Only the lines below between the ones containing "Hypotheses (H_lin : linear_on" and "have psi_d : inner", inclusive, are to be reproduced, each exactly as it stands.

Collected data entries
|---|

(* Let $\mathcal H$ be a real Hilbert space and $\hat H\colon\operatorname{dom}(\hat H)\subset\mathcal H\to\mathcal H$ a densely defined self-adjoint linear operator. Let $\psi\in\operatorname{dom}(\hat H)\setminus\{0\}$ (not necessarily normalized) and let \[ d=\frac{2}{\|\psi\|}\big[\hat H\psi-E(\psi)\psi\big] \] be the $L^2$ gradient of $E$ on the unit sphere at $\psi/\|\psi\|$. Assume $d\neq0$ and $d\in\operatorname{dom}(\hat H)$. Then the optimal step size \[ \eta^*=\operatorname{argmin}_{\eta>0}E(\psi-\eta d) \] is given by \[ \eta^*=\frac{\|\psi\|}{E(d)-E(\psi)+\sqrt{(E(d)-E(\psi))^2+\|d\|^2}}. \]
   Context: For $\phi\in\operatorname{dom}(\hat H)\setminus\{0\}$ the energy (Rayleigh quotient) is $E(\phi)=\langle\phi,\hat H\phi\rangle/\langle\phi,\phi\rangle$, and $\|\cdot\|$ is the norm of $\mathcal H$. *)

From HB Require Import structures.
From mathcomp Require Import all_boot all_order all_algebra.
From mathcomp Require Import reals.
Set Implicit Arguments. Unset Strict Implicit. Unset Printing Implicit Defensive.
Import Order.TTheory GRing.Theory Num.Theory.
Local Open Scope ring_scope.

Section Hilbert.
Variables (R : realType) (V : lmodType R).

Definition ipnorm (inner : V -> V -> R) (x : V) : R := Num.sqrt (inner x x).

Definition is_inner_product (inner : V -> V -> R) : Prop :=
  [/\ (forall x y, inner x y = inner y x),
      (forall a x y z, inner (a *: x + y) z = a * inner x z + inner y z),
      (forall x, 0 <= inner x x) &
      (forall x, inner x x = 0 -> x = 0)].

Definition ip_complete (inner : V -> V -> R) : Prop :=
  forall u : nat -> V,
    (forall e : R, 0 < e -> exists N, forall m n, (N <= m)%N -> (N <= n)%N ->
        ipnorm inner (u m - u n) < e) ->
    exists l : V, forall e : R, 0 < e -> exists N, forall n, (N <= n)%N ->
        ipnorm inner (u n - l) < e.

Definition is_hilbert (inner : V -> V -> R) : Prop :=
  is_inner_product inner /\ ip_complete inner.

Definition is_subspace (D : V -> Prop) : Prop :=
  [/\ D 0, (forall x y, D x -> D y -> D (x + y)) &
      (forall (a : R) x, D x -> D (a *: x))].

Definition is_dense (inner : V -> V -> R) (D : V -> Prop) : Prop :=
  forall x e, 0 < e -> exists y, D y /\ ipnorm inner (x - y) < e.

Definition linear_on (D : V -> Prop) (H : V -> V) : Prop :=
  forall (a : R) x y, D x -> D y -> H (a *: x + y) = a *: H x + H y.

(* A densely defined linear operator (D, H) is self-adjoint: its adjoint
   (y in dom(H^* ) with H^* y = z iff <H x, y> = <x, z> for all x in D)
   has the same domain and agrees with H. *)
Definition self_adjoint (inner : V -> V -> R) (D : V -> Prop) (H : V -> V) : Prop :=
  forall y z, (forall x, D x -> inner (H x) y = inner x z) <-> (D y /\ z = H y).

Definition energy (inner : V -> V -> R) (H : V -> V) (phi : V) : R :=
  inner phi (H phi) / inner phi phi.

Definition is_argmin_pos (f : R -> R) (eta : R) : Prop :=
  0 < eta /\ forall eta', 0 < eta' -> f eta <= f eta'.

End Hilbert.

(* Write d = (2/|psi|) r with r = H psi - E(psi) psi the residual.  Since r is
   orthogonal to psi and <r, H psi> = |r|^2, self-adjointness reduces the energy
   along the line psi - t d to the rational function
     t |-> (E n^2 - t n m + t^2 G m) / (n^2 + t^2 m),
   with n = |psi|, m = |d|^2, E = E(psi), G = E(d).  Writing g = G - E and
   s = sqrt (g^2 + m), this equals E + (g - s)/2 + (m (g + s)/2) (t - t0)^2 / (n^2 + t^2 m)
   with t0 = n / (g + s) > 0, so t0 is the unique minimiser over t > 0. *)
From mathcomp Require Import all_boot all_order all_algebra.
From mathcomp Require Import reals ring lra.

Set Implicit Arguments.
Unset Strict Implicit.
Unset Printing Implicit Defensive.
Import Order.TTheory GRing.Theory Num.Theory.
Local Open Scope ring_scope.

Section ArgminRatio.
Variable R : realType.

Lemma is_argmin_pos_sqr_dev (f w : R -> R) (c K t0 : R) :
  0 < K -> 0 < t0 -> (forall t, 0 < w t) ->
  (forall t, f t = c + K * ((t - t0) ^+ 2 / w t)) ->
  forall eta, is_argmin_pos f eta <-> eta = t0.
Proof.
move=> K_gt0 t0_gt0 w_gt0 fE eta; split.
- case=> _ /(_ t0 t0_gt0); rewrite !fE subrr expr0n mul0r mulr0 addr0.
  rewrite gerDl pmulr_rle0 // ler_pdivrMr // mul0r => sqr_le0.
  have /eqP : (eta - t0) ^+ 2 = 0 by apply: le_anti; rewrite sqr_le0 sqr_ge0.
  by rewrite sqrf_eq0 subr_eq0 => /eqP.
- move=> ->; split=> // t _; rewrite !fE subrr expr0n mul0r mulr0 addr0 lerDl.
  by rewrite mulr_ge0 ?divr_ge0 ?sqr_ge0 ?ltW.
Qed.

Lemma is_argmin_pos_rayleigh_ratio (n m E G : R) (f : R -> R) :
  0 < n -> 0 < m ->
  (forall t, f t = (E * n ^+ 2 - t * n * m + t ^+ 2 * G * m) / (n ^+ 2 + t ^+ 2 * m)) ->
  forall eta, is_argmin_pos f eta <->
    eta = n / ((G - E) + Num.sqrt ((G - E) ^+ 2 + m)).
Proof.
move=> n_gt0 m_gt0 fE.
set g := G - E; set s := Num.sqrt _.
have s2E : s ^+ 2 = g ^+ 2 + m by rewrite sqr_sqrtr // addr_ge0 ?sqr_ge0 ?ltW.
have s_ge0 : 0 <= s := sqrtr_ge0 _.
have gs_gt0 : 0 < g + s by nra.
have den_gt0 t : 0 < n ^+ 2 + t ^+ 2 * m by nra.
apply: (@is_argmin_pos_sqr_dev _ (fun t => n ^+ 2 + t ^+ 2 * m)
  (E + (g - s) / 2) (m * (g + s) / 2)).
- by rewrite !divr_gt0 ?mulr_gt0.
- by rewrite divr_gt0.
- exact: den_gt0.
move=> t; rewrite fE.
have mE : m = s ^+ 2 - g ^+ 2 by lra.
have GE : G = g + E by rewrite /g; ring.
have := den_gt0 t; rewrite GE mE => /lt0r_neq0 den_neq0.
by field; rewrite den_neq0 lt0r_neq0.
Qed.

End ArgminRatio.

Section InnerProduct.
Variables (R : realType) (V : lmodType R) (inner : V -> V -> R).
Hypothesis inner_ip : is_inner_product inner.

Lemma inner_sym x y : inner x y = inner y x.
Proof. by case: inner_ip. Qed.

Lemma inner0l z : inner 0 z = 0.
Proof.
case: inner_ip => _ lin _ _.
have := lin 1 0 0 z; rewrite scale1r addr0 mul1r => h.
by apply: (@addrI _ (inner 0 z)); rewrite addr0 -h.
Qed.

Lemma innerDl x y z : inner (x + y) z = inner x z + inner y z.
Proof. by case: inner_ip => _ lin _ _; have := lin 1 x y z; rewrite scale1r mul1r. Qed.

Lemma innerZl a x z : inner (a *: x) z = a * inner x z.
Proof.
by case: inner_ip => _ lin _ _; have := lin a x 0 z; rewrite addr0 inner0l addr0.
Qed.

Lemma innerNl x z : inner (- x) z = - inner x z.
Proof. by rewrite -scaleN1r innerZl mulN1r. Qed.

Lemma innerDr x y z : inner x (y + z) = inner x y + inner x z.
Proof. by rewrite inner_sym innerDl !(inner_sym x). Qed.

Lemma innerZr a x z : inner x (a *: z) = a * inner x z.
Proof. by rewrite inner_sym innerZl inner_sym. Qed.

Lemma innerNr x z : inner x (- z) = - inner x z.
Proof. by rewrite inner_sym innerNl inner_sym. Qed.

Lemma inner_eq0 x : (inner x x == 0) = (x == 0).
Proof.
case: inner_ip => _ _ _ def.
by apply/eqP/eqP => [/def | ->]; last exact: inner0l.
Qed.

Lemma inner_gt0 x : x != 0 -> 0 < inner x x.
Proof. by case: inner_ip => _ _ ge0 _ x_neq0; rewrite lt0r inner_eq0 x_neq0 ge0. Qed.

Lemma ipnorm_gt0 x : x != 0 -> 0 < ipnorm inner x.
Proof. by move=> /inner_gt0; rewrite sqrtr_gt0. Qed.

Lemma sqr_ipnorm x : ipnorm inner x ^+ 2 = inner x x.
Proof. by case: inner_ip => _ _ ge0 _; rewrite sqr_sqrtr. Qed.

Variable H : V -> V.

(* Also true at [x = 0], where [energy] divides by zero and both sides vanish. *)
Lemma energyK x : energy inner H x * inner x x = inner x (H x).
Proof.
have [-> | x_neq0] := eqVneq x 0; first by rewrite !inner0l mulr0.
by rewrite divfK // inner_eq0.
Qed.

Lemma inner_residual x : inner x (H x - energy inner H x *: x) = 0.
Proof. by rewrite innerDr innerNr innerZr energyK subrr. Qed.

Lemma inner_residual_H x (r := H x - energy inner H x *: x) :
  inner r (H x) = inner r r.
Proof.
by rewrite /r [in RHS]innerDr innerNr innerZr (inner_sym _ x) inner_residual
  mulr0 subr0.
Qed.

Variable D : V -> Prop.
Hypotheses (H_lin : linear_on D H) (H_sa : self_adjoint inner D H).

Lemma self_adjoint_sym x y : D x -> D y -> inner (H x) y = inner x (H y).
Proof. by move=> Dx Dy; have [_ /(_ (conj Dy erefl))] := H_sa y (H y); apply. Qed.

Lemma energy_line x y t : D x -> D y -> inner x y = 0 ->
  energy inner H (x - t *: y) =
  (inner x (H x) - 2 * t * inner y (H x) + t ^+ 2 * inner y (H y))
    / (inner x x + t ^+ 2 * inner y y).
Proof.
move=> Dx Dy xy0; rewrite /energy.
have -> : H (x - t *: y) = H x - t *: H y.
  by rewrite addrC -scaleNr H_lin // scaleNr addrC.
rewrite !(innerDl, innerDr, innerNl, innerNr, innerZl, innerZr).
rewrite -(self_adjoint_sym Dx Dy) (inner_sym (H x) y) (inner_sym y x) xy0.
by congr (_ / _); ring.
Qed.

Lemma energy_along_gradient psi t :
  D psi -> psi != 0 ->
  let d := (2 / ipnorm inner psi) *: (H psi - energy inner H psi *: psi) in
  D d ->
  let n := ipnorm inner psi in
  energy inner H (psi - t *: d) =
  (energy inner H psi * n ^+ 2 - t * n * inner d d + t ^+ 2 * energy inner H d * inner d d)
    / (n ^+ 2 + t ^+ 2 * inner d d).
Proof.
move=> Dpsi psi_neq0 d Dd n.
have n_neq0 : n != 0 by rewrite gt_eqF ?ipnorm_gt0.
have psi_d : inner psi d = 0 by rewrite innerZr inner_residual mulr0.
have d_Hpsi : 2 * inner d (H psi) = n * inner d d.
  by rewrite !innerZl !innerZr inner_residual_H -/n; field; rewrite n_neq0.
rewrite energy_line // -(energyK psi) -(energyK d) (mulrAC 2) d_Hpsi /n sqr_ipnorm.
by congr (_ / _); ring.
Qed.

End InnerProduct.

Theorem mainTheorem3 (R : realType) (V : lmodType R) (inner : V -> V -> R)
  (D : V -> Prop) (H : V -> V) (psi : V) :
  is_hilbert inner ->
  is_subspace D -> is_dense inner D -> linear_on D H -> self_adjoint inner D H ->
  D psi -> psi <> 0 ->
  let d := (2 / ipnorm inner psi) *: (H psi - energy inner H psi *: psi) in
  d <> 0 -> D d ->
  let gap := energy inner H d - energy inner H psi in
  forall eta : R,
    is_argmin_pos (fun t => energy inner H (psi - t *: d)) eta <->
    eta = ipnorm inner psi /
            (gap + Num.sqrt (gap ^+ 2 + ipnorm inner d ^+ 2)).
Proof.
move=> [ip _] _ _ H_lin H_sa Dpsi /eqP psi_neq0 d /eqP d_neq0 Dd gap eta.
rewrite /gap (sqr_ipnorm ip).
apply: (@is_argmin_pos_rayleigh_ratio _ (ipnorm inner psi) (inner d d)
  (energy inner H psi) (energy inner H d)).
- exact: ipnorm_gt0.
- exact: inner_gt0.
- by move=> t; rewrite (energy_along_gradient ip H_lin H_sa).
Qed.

|---|

Written solution:
Hypotheses (H_lin : linear_on D H) (H_sa : self_adjoint inner D H).

Lemma self_adjoint_sym x y : D x -> D y -> inner (H x) y = inner x (H y).
Proof. by move=> Dx Dy; have [_ /(_ (conj Dy erefl))] := H_sa y (H y); apply. Qed.

Lemma energy_line x y t : D x -> D y -> inner x y = 0 ->
  energy inner H (x - t *: y) =
  (inner x (H x) - 2 * t * inner y (H x) + t ^+ 2 * inner y (H y))
    / (inner x x + t ^+ 2 * inner y y).
Proof.
move=> Dx Dy xy0; rewrite /energy.
have -> : H (x - t *: y) = H x - t *: H y.
  by rewrite addrC -scaleNr H_lin // scaleNr addrC.
rewrite !(innerDl, innerDr, innerNl, innerNr, innerZl, innerZr).
rewrite -(self_adjoint_sym Dx Dy) (inner_sym (H x) y) (inner_sym y x) xy0.
by congr (_ / _); ring.
Qed.

Lemma energy_along_gradient psi t :
  D psi -> psi != 0 ->
  let d := (2 / ipnorm inner psi) *: (H psi - energy inner H psi *: psi) in
  D d ->
  let n := ipnorm inner psi in
  energy inner H (psi - t *: d) =
  (energy inner H psi * n ^+ 2 - t * n * inner d d + t ^+ 2 * energy inner H d * inner d d)
    / (n ^+ 2 + t ^+ 2 * inner d d).
Proof.
move=> Dpsi psi_neq0 d Dd n.
have n_neq0 : n != 0 by rewrite gt_eqF ?ipnorm_gt0.
have psi_d : inner psi d = 0 by rewrite innerZr inner_residual mulr0.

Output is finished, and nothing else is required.